Code Runner (Amy Lane Mysteries Book 2)
Page 20
Amy turned back to her computer and wiggled the mouse. It slowly came back to life at an agonising pace. She tapped the desk impatiently. “She must have a Pentium III processor. This is going to be hell.”
Jason sloped off back to bed, sure she was lost to him for the next few hours. “Have you slept?”
“Tonight,” she said absently, and Jason knew that probably meant she’d still be wrestling with the computer until the early hours of the morning.
He knew he should tell her to take a break but the sight of Amy at her computer, solving the world’s problems—his problems—meant he was home, and he wasn’t willing to let that go just yet.
Chapter Thirty-Five: Are You Being Served?
Jason woke in pitch darkness, Amy roughly shaking his shoulder and grinning down at him like a Cheshire cat.
“The police,” she said, eyes gleaming with mania.
“What about them?” Jason said groggily, too hot and too lethargic to figure out Amy’s riddles at stupid o’clock in the morning.
“There was a request from Central Police Station to place you in general population.”
Jason sat up, pushing aside the ache in his bones to listen. “Who?”
“Doesn’t say. It was logged by the prison on Friday ninth at 14:32. It must’ve been a phone call and no doubt the prison guard who took the call could shed some light on it.”
“But you can’t tell Bryn because you’re not meant to be investigating.”
Amy’s eyes glinted with mischief. “Who said anything about telling Bryn? I’ll call them up myself.”
She turned to do just that but Jason wrapped his hand around her arm, the warmth seeping through to soothe his calloused palm. “Check the time.”
Amy glanced down at her clunky wristwatch. “Ah.”
Jason read the watch upside down: 04:19. “Sleep now?”
Amy looked at him disdainfully. “I’ll sleep when I’m dead.”
Jason winced. “Less of that, yeah? As a recent almost-corpse, I don’t think it’s all that funny.”
Amy’s expression softened. “What was it like? Dying?”
Jason pulled the blanket closer around his shoulders. “Dark. Don’t recommend it.”
Suddenly, the name came back to him, the orchestrator of the entire plan. “Zook.”
Amy tilted her head curiously. “Zook?”
“The blokes who tried to strangle me mentioned it. And then I heard the men who busted open the van say it too. Maybe he’s a person or whatever—but it could be important, right?”
“Definitely worth a look.” Amy typed it into her iPad. “Tea?”
She made more tea and sat down on the edge of his bed, the soft whir of the computer the only sound. It felt close, intimate, being in her bedroom with only a few inches to separate them. It felt important that he was here and nowhere else.

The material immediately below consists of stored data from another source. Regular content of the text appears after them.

(* For any integer $m\ge1$ there exist $\varepsilon>0$ small enough and $b\in\mathbb{R}$ such that, on $I(m,\varepsilon)$, $N(f_2+bf_3)=1$, where $f_2,f_3$ are the second and third eigenfunctions of the Laplacian.
   Context: $I(m,\varepsilon)$ is the metric graph with vertices $v_1,v_2,v_3,v_4$, an edge $e_1$ of length $1/2$ from $v_1$ to $v_2$, an edge $e_2$ of length $1/2$ from $v_3$ to $v_4$, and $m$ parallel edges of length $\varepsilon$ joining $v_2$ and $v_3$. The Laplacian $-\frac{d^2}{dx^2}$ acts edgewise with Dirichlet conditions at $v_1,v_4$ and Neumann–Kirchhoff conditions (continuity and vanishing sum of outgoing derivatives) at $v_2,v_3$; eigenvalues are ordered increasingly with multiplicity, with $L^2$-orthogonal eigenfunctions $f_1,f_2,\dots$. $N(f)$ is the number of zeroes of $f$ other than at $v_1,v_4$. *)

From Stdlib Require Import Reals Lra.
From Coquelicot Require Import Coquelicot.
Open Scope R_scope.

Fixpoint sumR (n : nat) (F : nat -> R) : R :=
  match n with
  | O => 0
  | S k => sumR k F + F k
  end.

(* A real function on the metric graph I(m,eps):
   - ge1 : edge e1, parametrised by x in [0,1/2], x = 0 at v1, x = 1/2 at v2;
   - ge2 : edge e2, parametrised by x in [0,1/2], x = 0 at v3, x = 1/2 at v4;
   - gp j : j-th parallel edge (j < m), parametrised by x in [0,eps],
            x = 0 at v2, x = eps at v3.
   Only the values on these intervals are meaningful. *)
Record gfun := mkGfun {
  ge1 : R -> R;
  ge2 : R -> R;
  gp  : nat -> R -> R
}.

Definition gadd (f g : gfun) : gfun :=
  mkGfun (fun x => ge1 f x + ge1 g x) (fun x => ge2 f x + ge2 g x)
         (fun j x => gp f j x + gp g j x).

Definition gscale (c : R) (f : gfun) : gfun :=
  mkGfun (fun x => c * ge1 f x) (fun x => c * ge2 f x) (fun j x => c * gp f j x).

Definition gcomb (n : nat) (c : nat -> R) (f : nat -> gfun) : gfun :=
  mkGfun (fun x => sumR n (fun k => c k * ge1 (f k) x))
         (fun x => sumR n (fun k => c k * ge2 (f k) x))
         (fun j x => sumR n (fun k => c k * gp (f k) j x)).

Definition geq_on (m : nat) (eps : R) (f g : gfun) : Prop :=
  (forall x, 0 <= x <= 1/2 -> ge1 f x = ge1 g x) /\
  (forall x, 0 <= x <= 1/2 -> ge2 f x = ge2 g x) /\
  (forall j x, (j < m)%nat -> 0 <= x <= eps -> gp f j x = gp g j x).

Definition gip (m : nat) (eps : R) (f g : gfun) : R :=
  RInt (fun x => ge1 f x * ge1 g x) 0 (1/2) +
  RInt (fun x => ge2 f x * ge2 g x) 0 (1/2) +
  sumR m (fun j => RInt (fun x => gp f j x * gp g j x) 0 eps).

(* A C^2 solution on a closed interval extends
   uniquely to a solution on all of R, so we identify the edge function with
   that extension (this makes the endpoint derivatives ordinary derivatives). *)
Definition edge_eq (lam : R) (u : R -> R) : Prop :=
  forall x, ex_derive u x /\ is_derive (Derive u) x (- lam * u x).

(* f is an eigenfunction of the Laplacian on I(m,eps) with eigenvalue lam:
   edgewise equation, Dirichlet at v1 and v4, continuity and Kirchhoff
   (sum of outgoing derivatives = 0) at v2 and v3, and f nonzero. *)
Definition is_eigenfunction (m : nat) (eps lam : R) (f : gfun) : Prop :=
  edge_eq lam (ge1 f) /\ edge_eq lam (ge2 f) /\
  (forall j, (j < m)%nat -> edge_eq lam (gp f j)) /\
  ge1 f 0 = 0 /\ ge2 f (1/2) = 0 /\
  (forall j, (j < m)%nat -> gp f j 0 = ge1 f (1/2)) /\
  (forall j, (j < m)%nat -> gp f j eps = ge2 f 0) /\
  (* Kirchhoff at v2: outgoing derivative along e1 is -ge1', along p_j is +p_j'(0) *)
  - Derive (ge1 f) (1/2) + sumR m (fun j => Derive (gp f j) 0) = 0 /\
  (* Kirchhoff at v3: outgoing along e2 is +ge2'(0), along p_j is -p_j'(eps) *)
  Derive (ge2 f) 0 - sumR m (fun j => Derive (gp f j) eps) = 0 /\
  ~ geq_on m eps f (mkGfun (fun _ => 0) (fun _ => 0) (fun _ _ => 0)).

(* Index shift: lam k, f k are the paper's lambda_{k+1}, f_{k+1}.
   Completeness: every eigenfunction is a finite linear combination of the f k,
   which (with orthogonality and monotonicity) forces every eigenvalue to
   appear exactly with its multiplicity. *)
Definition is_eigenbasis (m : nat) (eps : R) (lam : nat -> R) (f : nat -> gfun) : Prop :=
  (forall k, is_eigenfunction m eps (lam k) (f k)) /\
  (forall k l, (k <= l)%nat -> lam k <= lam l) /\
  (forall k l, k <> l -> gip m eps (f k) (f l) = 0) /\
  (forall mu g, is_eigenfunction m eps mu g ->
     exists (n : nat) (c : nat -> R), geq_on m eps g (gcomb n c f)).

(* Points of I(m,eps) other than v1 and v4, each represented exactly once. *)
Inductive gpoint :=
  | PtE1 (x : R)
  | PtE2 (x : R)
  | PtP (j : nat) (x : R)
  | PtV2
  | PtV3.

Definition valid_point (m : nat) (eps : R) (p : gpoint) : Prop :=
  match p with
  | PtE1 x => 0 < x < 1/2
  | PtE2 x => 0 < x < 1/2
  | PtP j x => (j < m)%nat /\ 0 < x < eps
  | PtV2 => True
  | PtV3 => True
  end.

Definition geval (f : gfun) (p : gpoint) : R :=
  match p with
  | PtE1 x => ge1 f x
  | PtE2 x => ge2 f x
  | PtP j x => gp f j x
  | PtV2 => ge1 f (1/2)
  | PtV3 => ge2 f 0
  end.

Definition N_is_one (m : nat) (eps : R) (f : gfun) : Prop :=
  exists! p, valid_point m eps p /\ geval f p = 0.

From Stdlib Require Import Reals Lra Lia Classical.
From Coquelicot Require Import Coquelicot.
Open Scope R_scope.

(* On each edge an eigenfunction with eigenvalue k^2 is a sinusoid, and the vertex conditions
   become a linear system in its coefficients whose determinant is, up to a factor,
   secular_anti k * secular_sym k.  Hence every eigenfunction is a multiple of the explicit
   function Ganti (antisymmetric under the reflection exchanging e1 and e2) or Gsym (symmetric).
   For m eps <= 1/100 the only roots in (0, 3 pi] are k1 in (0, pi) and k3 in (2 pi, 3 pi) for
   Gsym and k2 in (3 pi/2, 2 pi) for Ganti.  As eigenfunctions of distinct eigenvalues are
   orthogonal and every eigenvalue occurs in the eigenbasis, these eigenvalues are simple and
   f_2, f_3 are multiples of Ganti k2 and Gsym k3.  Taking b so that f_2 + b f_3 vanishes at v2,
   elementary sine estimates show that it is positive on e1 and negative on e2 and on the
   parallel edges. *)

Lemma sumR_ext n F G : (forall k, (k < n)%nat -> F k = G k) -> sumR n F = sumR n G.
Proof. induction n; simpl; intros H; auto. rewrite IHn, H; auto; intros; apply H; lia. Qed.

Lemma sumR_plus n F G : sumR n (fun k => F k + G k) = sumR n F + sumR n G.
Proof. induction n; simpl; [ring | rewrite IHn; ring]. Qed.

Lemma sumR_minus n F G : sumR n (fun k => F k - G k) = sumR n F - sumR n G.
Proof. induction n; simpl; [ring | rewrite IHn; ring]. Qed.

Lemma sumR_scal n c F : sumR n (fun k => c * F k) = c * sumR n F.
Proof. induction n; simpl; [ring | rewrite IHn; ring]. Qed.

Lemma sumR_const n c : sumR n (fun _ => c) = INR n * c.
Proof. induction n; simpl sumR; [simpl; ring | rewrite IHn, S_INR; ring]. Qed.

Lemma sumR_ext_const n F c : (forall k, (k < n)%nat -> F k = c) -> sumR n F = INR n * c.
Proof. intros H. rewrite (sumR_ext n F (fun _ => c)) by exact H. apply sumR_const. Qed.

Lemma sumR_nonneg n F : (forall k, (k < n)%nat -> 0 <= F k) -> 0 <= sumR n F.
Proof.
  induction n; simpl; intros H; [lra|].
  assert (0 <= F n) by (apply H; lia).
  assert (0 <= sumR n F) by (apply IHn; intros; apply H; lia).
  lra.
Qed.

Lemma sumR_le_term n F j : (forall k, (k < n)%nat -> 0 <= F k) -> (j < n)%nat -> F j <= sumR n F.
Proof.
  induction n; simpl; intros H Hj; [lia|].
  assert (0 <= sumR n F) by (apply sumR_nonneg; intros; apply H; lia).
  destruct (Nat.eq_dec j n) as [->|Hne]; [lra|].
  assert (F j <= sumR n F) by (apply IHn; [intros; apply H|]; lia).
  assert (0 <= F n) by (apply H; lia).
  lra.
Qed.

Lemma sumR_single n F j : (j < n)%nat -> (forall k, (k < n)%nat -> k <> j -> F k = 0) ->
  sumR n F = F j.
Proof.
  induction n; intros Hj H; [lia|]. simpl.
  destruct (Nat.eq_dec j n) as [->|Hne].
  - rewrite (sumR_ext_const n F 0); [ring|]. intros k Hk; apply H; lia.
  - rewrite IHn, (H n); [ring | lia | auto | lia | intros; apply H; lia].
Qed.

Lemma sumR_swap n m (F : nat -> nat -> R) :
  sumR n (fun k => sumR m (fun j => F k j)) = sumR m (fun j => sumR n (fun k => F k j)).
Proof.
  induction n; simpl.
  - symmetry; rewrite (sumR_ext_const m _ 0); [ring | auto].
  - rewrite IHn, <- sumR_plus. reflexivity.
Qed.

Lemma is_derive_mult_R (f g : R -> R) x a b : is_derive f x a -> is_derive g x b ->
  is_derive (fun t => f t * g t) x (a * g x + f x * b).
Proof. intros Hf Hg. apply (is_derive_mult f g x a b Hf Hg). intros; apply Rmult_comm. Qed.

Lemma is_derive_0_constant (F : R -> R) : (forall x, is_derive F x 0) -> forall x y, F x = F y.
Proof.
  intros H x y.
  destruct (MVT_gen F x y (fun _ => 0)) as [c [_ Hc]].
  - intros; apply H.
  - intros z _. apply derivable_continuous_pt, ex_derive_Reals_0. eexists; apply H.
  - lra.
Qed.

Lemma continuous_mult_R (f g : R -> R) x : continuous f x -> continuous g x ->
  continuous (fun y => f y * g y) x.
Proof. intros; apply (continuous_mult f g); auto. Qed.

Lemma continuous_scal_R (f : R -> R) c x : continuous f x -> continuous (fun y => c * f y) x.
Proof. intros; apply (continuous_mult (fun _ => c) f); auto. apply continuous_const. Qed.

(** * Solutions of the edge equation *)

Lemma oscillator_zero lam (w w' : R -> R) : 0 <= lam ->
  (forall x, is_derive w x (w' x)) -> (forall x, is_derive w' x (- lam * w x)) ->
  w 0 = 0 -> w' 0 = 0 -> forall x, w x = 0.
Proof.
  intros Hl Hw Hw' H0 H0' x.
  assert (energy_conserved : forall y, w' y * w' y + lam * (w y * w y) = 0).
  { intro y. set (E := fun t => w' t * w' t + lam * (w t * w t)).
    change (E y = 0). replace 0 with (E 0) by (unfold E; rewrite H0, H0'; ring).
    apply is_derive_0_constant. intro t.
    replace 0 with ((- lam * w t) * w' t + w' t * (- lam * w t)
                    + lam * (w' t * w t + w t * w' t)) by ring.
    apply (is_derive_plus (fun t => w' t * w' t) (fun t => lam * (w t * w t))).
    - apply is_derive_mult_R; apply Hw'.
    - apply is_derive_scal, is_derive_mult_R; apply Hw. }
  destruct (Rle_lt_or_eq_dec 0 lam Hl) as [Hp | <-].
  - specialize (energy_conserved x). assert (w x * w x = 0) by nra. nra.
  - rewrite <- H0. apply is_derive_0_constant. intro t.
    specialize (energy_conserved t). replace 0 with (w' t) by nra. apply Hw.
Qed.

She looked pale and had that pensive, hungry look that meant she’d skipped a few meals. But her eyes were alert, that open, honest green he could wonder at forever, and her citrus scent was just as he remembered.
Maybe it was true that prison changed a man’s appetites because Amy had never looked more beautiful to him, the steam from her mug curling around her cheek, her earlobe.
“Do you have a fever?” Amy reached across and felt his forehead. Her hand was cool and dry, and he made a noncommittal noise.
“You need paracetamol. And more antibiotics.”
She stood up and went to look for more pills, and the moment was over. Maybe fever was enough to make a man fancy his best friend?
He took his medicine and caught her wrist before she could escape. “Thank you. I don’t deserve you.”
Amy laughed. “You must be ill.”
She pulled away and returned to her work, and Jason knew he was finally losing his mind. He needed to clear his name and get a girlfriend before he did something unbelievably stupid.
Like plant a kiss on his boss.
* * *
Amy waited until nine-thirty before heading back to her real flat and her phone line, a scrawled note warning Jason not to venture back into their house. Without AEON, she wouldn’t be able to mask the call’s origins effectively but it would require some deep digging by the cops to trace it back to her.
She had showered and dressed, cold without her dressing gown—which was still warming Jason next door—before settling to work with a glass of milk. She’d already emailed Rob Pritchard’s right-hand woman, Indira, asking for an evidence summary from the prison van, tweaking the email headers to make it appear as if Owain had sent it. She was sure he wouldn’t mind.
She dialled HMP Swansea before being interrupted by the door buzzer. What was it with everyone coming over in the mornings? Soon, she was going to institute visiting hours.
She replaced the receiver and headed for the buzzer in the hall. “Yes?”
“It’s Owain. Can I come up?”
“Badge number please.”
“Amy...”
“All right, all right.”
Amy buzzed Owain up. She didn’t have any particular reason to dislike him at the moment, except that he was a police officer and she currently hated them all.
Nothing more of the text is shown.